I saw him at a family funeral last year for the first time in a decade. At the wake, we said hi and did the polite small talk. Then he went and sat at one of the tables with his headphones on and looked at his phone for the next three hours until the family left."
Lisa F. Young/Shutterstock
"My idiot brother is a criminal and has a substance abuse problem. I know pretty much where it went wrong.
At every turn, my mother would cover for him. If idiot brother missed school? It's ok! Our mother would go in and smooth it out. If he cut up a bunch of decorations? It's fine, it's fine, we'll pay, officer - no need to charge us.

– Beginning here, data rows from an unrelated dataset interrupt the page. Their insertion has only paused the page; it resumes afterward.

Lemma renaming_comp p q : renaming p -> renaming q -> renaming (fun x => p (q x)).
Proof.
  intros [p' Hp] [q' Hq]. exists (fun x => q' (p' x)). intros x. split.
  - rewrite (proj1 (Hp _)). apply Hq.
  - rewrite (proj2 (Hq _)). apply Hp.
Qed.

Lemma renaming_ext p q : (forall x, p x = q x) -> renaming p -> renaming q.
Proof.
  intros E [p' Hp]. exists p'. intros x. rewrite <- E. split; [apply Hp|].
  rewrite <- (proj2 (Hp x)) at 2. now rewrite E.
Qed.

Lemma renaming_involution p : (forall x, p (p x) = x) -> renaming p.
Proof. intros H. now exists p. Qed.

Lemma variant_rename p f : renaming p -> variant f (rename p f).
Proof. now exists p. Qed.

Lemma variant_refl f : variant f f.
Proof. exists (fun x => x). split; [apply renaming_id | symmetry; apply subst_var]. Qed.

Lemma variant_trans f g h : variant f g -> variant g h -> variant f h.
Proof.
  intros [p [Hp ->]] [q [Hq ->]]. exists (fun x => q (p x)). split.
  - now apply renaming_comp.
  - unfold rename. now rewrite subst_subst.
Qed.

Definition swap (a b x : nat) : nat :=
  if Nat.eqb x a then b else if Nat.eqb x b then a else x.

Lemma renaming_swap a b : renaming (swap a b).
Proof.
  apply renaming_involution. intros x. unfold swap.
  repeat match goal with
         | |- context [?u =? ?v] => destruct (Nat.eqb_spec u v)
         | _ : context [?u =? ?v] |- _ => destruct (Nat.eqb_spec u v)
         end; congruence.
Qed.

Definition swaps (l : list (nat * nat)) (x : nat) : nat :=
  fold_left (fun y ab => swap (fst ab) (snd ab) y) l x.

Lemma renaming_swaps l : renaming (swaps l).
Proof.
  induction l as [|[a b] l IH] using rev_ind.
  - apply renaming_id.
  - apply (renaming_ext (fun x => swap a b (swaps l x))).
    + intros x. unfold swaps. now rewrite fold_left_app.
    + exact (renaming_comp _ _ (renaming_swap a b) IH).
Qed.

(* Exchanges the block [0, g) with the block [k, k + g). *)
Definition block_swap (k g x : nat) : nat :=
  if x <? g then x + k else if (k <=? x) && (x <? k + g) then x - k else x.

Lemma block_swap_involutive k g x : g <= k -> block_swap k g (block_swap k g x) = x.
Proof.
  intros Hg. unfold block_swap.
  destruct (Nat.ltb_spec x g), (Nat.leb_spec k x), (Nat.ltb_spec x (k + g)); simpl;
  repeat match goal with
         | |- context [?a <? ?b] => destruct (Nat.ltb_spec a b)
         | |- context [?a <=? ?b] => destruct (Nat.leb_spec a b)
         end; simpl; lia.
Qed.

Lemma renaming_block_swap k g : g <= k -> renaming (block_swap k g).
Proof. intros Hg. apply renaming_involution. intros x. now apply block_swap_involutive. Qed.

Lemma block_swap_apart k g f x :
  bound g f -> occurs x (rename (block_swap k g) f) -> k <= x.
Proof.
  intros Hb Hx. apply occurs_rename in Hx as [y [Hy ->]].
  specialize (Hb y Hy). unfold block_swap. destruct (Nat.ltb_spec y g); lia.
Qed.

(** * Condensed detachment by computation *)

Definition form_eq_dec (f g : form) : {f = g} + {f <> g}.
Proof. decide equality; apply Nat.eq_dec. Defined.

Definition solves (t : nat -> form) (sol : list (nat * form)) : Prop :=
  forall x g, In (x, g) sol -> t x = subst t g.

Definition unifies (t : nat -> form) (eqs : list (form * form)) : Prop :=
  forall a b, In (a, b) eqs -> subst t a = subst t b.

Definition subst_pair (s : nat -> form) (e : form * form) : form * form :=
  (subst s (fst e), subst s (snd e)).

(* Variable elimination without occurs check: [solve] is only trusted to
   preserve the solutions of the equations; that its result unifies them is
   checked afterwards. *)
Fixpoint solve (fuel : nat) (eqs : list (form * form)) (sol : list (nat * form))
  : option (list (nat * form)) :=
  match fuel with
  | 0 => None
  | S fuel =>
      match eqs with
      | [] => Some sol
      | (Imp a b, Imp c d) :: eqs => solve fuel ((a, c) :: (b, d) :: eqs) sol
      | (Neg a, Neg c) :: eqs => solve fuel ((a, c) :: eqs) sol
      | (Var x, g) :: eqs | (g, Var x) :: eqs =>
          let e := upd Var x g in
          solve fuel (map (subst_pair e) eqs)
            ((x, g) :: map (fun p => (fst p, subst e (snd p))) sol)
      | _ => None
      end
  end.

Lemma subst_elim t x g f :
  t x = subst t g -> subst t (subst (upd Var x g) f) = subst t f.
Proof.
  intros H. rewrite subst_subst. apply subst_ext_on. intros y _. unfold upd.
  destruct (Nat.eqb_spec y x) as [->|]; auto.
Qed.

Lemma unifies_cons t a b eqs :
  unifies t ((a, b) :: eqs) <-> subst t a = subst t b /\ unifies t eqs.
Proof.
  split.
  - intros H. split; [apply H; now left | intros u v Huv; apply H; now right].
  - intros [Hab H] u v [E|E]; [now injection E as <- <- | now apply H].
Qed.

When he stole a car and totaled it, she blamed everyone but him and got him a lawyer to convince them to drop the charges. Same deal with his first illegal substance offense - get him a lawyer, convince the judge to give him probation for two years.
I have seen her bail him out, talk him out, and connive him out of more legal trouble than anyone I have ever known.
He is completely arrogant about his choices in life. If you challenge him, you're a jerk. Talking sense to him is impossible because, in the echo chamber of his head, the only person who matters is himself. And why not? All through his life, hasn't his mother been there to shore him up and fish him out?"
"Not me, but my mom with my sister. She's been a self-centered, entitled brat since she was old enough to have intelligent thoughts.
My mom has given her everything she possibly could in life. She tried to pay for her to get through college, only 2 years after I was forced to either drop out or bankrupt my mom and make her lose everything she had (I dropped out). She still does whatever she can to buy her whatever she wants - food, gas, clothes, you name it.
But when my mom couldn't fund her college education anymore, it was world war 3. When my mom won't give her $20 for gas because she quits every job she gets within 2 months, she's a huge brat. When my mom won't let her drive 5 hours away to a rough city for a concert, because she's a 4'10, 19-year-old girl who has a bad temper, my mom's the worst person in the world.
Until recently, my mom's just said she's a teenager, she'll grow out of it eventually. I think she's finally realizing my sister is just a big brat who wants to be handed everything in life."